Of the entries below, return exactly those lines that fall between the one containing "by apply: leq_trans szm; rewrite addnS" and the one containing "by rewrite inE => /predU1P", the two end lines included.

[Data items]

-----

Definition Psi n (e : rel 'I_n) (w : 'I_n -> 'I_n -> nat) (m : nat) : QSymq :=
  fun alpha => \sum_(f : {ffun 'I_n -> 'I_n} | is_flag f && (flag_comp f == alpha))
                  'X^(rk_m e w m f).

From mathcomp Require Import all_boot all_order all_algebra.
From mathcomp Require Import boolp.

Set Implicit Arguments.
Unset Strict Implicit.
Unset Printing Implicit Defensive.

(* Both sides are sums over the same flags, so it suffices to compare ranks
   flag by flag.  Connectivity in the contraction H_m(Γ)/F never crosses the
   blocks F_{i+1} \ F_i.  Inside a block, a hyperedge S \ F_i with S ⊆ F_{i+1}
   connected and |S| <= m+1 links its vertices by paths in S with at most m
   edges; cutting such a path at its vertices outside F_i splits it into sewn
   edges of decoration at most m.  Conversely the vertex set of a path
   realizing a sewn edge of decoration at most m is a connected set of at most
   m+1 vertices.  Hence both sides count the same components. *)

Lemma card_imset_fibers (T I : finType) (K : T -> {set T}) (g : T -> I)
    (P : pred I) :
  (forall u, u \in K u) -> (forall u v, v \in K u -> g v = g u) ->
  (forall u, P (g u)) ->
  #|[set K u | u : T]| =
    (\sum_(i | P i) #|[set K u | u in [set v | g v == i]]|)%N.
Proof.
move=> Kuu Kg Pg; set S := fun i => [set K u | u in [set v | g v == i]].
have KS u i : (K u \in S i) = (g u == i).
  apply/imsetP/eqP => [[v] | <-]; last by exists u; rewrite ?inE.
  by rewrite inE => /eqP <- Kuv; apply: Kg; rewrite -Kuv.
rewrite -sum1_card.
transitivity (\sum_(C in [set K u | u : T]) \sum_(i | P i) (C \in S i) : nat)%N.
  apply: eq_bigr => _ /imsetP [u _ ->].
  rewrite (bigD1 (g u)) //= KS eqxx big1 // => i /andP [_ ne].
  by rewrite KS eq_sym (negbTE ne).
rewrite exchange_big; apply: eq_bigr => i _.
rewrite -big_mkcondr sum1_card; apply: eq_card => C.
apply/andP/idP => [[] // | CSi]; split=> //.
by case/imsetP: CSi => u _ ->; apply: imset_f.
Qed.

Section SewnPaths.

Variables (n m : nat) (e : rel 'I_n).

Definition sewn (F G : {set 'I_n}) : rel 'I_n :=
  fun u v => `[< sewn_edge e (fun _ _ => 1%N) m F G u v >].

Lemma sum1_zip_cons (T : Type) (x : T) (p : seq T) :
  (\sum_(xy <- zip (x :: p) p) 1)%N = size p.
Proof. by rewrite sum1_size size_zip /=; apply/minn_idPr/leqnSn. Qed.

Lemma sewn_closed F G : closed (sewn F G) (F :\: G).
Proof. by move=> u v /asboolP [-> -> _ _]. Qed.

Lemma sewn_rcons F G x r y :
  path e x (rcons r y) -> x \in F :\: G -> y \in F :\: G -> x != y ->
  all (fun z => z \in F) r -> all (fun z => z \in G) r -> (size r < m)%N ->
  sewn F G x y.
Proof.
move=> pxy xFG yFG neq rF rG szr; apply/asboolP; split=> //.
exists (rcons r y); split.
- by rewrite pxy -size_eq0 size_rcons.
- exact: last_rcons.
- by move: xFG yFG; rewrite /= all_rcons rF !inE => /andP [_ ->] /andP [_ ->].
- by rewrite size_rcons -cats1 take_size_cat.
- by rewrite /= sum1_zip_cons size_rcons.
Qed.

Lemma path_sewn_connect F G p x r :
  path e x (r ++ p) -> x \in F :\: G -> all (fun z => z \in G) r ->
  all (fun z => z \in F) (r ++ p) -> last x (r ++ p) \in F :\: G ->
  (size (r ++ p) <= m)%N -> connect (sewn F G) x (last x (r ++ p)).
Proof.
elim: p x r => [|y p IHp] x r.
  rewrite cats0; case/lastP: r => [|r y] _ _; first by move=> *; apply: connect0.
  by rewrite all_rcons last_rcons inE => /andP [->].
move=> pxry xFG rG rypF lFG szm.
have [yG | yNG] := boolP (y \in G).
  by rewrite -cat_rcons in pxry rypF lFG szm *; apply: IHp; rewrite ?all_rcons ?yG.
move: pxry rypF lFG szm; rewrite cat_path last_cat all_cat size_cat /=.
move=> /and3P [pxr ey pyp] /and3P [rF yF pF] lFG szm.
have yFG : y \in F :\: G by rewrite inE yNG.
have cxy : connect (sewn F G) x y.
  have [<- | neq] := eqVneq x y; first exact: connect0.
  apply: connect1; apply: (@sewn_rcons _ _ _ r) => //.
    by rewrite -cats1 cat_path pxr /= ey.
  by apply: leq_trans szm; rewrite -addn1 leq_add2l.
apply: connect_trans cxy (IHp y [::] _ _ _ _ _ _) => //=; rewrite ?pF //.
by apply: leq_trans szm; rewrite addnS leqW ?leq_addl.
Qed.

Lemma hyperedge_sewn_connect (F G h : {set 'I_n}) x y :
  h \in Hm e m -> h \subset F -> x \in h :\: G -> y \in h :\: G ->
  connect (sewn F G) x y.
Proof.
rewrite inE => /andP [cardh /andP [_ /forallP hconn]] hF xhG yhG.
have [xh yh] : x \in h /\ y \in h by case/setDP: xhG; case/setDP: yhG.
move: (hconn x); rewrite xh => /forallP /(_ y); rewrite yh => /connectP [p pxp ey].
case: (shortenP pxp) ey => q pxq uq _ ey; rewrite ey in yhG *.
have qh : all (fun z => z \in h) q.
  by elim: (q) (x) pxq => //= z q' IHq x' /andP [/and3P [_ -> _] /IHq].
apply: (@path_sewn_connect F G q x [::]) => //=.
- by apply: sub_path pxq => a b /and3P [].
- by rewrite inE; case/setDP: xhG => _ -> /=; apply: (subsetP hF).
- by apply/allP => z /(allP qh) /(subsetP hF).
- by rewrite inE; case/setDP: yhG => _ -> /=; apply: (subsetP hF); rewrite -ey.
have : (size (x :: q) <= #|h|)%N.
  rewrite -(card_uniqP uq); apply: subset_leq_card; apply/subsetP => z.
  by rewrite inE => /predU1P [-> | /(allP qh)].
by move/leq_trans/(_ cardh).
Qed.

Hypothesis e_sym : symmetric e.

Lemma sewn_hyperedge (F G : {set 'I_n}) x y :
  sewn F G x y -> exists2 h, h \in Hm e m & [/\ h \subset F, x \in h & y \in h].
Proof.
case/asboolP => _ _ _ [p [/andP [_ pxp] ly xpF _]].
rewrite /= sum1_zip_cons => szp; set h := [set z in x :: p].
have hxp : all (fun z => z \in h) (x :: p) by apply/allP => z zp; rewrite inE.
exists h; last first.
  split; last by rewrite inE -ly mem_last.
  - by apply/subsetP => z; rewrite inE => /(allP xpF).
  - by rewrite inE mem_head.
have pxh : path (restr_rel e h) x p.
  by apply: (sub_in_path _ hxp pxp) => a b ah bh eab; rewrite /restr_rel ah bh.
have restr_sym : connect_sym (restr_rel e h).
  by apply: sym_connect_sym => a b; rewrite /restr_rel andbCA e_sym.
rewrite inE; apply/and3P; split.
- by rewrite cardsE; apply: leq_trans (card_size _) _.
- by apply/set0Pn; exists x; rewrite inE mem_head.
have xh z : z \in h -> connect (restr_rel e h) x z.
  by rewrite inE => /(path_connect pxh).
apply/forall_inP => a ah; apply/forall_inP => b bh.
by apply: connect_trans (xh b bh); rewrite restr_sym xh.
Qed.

-----

**Solution to this task:**
by apply: leq_trans szm; rewrite addnS leqW ?leq_addl.
Qed.

Lemma hyperedge_sewn_connect (F G h : {set 'I_n}) x y :
  h \in Hm e m -> h \subset F -> x \in h :\: G -> y \in h :\: G ->
  connect (sewn F G) x y.
Proof.
rewrite inE => /andP [cardh /andP [_ /forallP hconn]] hF xhG yhG.
have [xh yh] : x \in h /\ y \in h by case/setDP: xhG; case/setDP: yhG.
move: (hconn x); rewrite xh => /forallP /(_ y); rewrite yh => /connectP [p pxp ey].
case: (shortenP pxp) ey => q pxq uq _ ey; rewrite ey in yhG *.
have qh : all (fun z => z \in h) q.
  by elim: (q) (x) pxq => //= z q' IHq x' /andP [/and3P [_ -> _] /IHq].
apply: (@path_sewn_connect F G q x [::]) => //=.
- by apply: sub_path pxq => a b /and3P [].
- by rewrite inE; case/setDP: xhG => _ -> /=; apply: (subsetP hF).
- by apply/allP => z /(allP qh) /(subsetP hF).
- by rewrite inE; case/setDP: yhG => _ -> /=; apply: (subsetP hF); rewrite -ey.
have : (size (x :: q) <= #|h|)%N.
  rewrite -(card_uniqP uq); apply: subset_leq_card; apply/subsetP => z.
  by rewrite inE => /predU1P [-> | /(allP qh)].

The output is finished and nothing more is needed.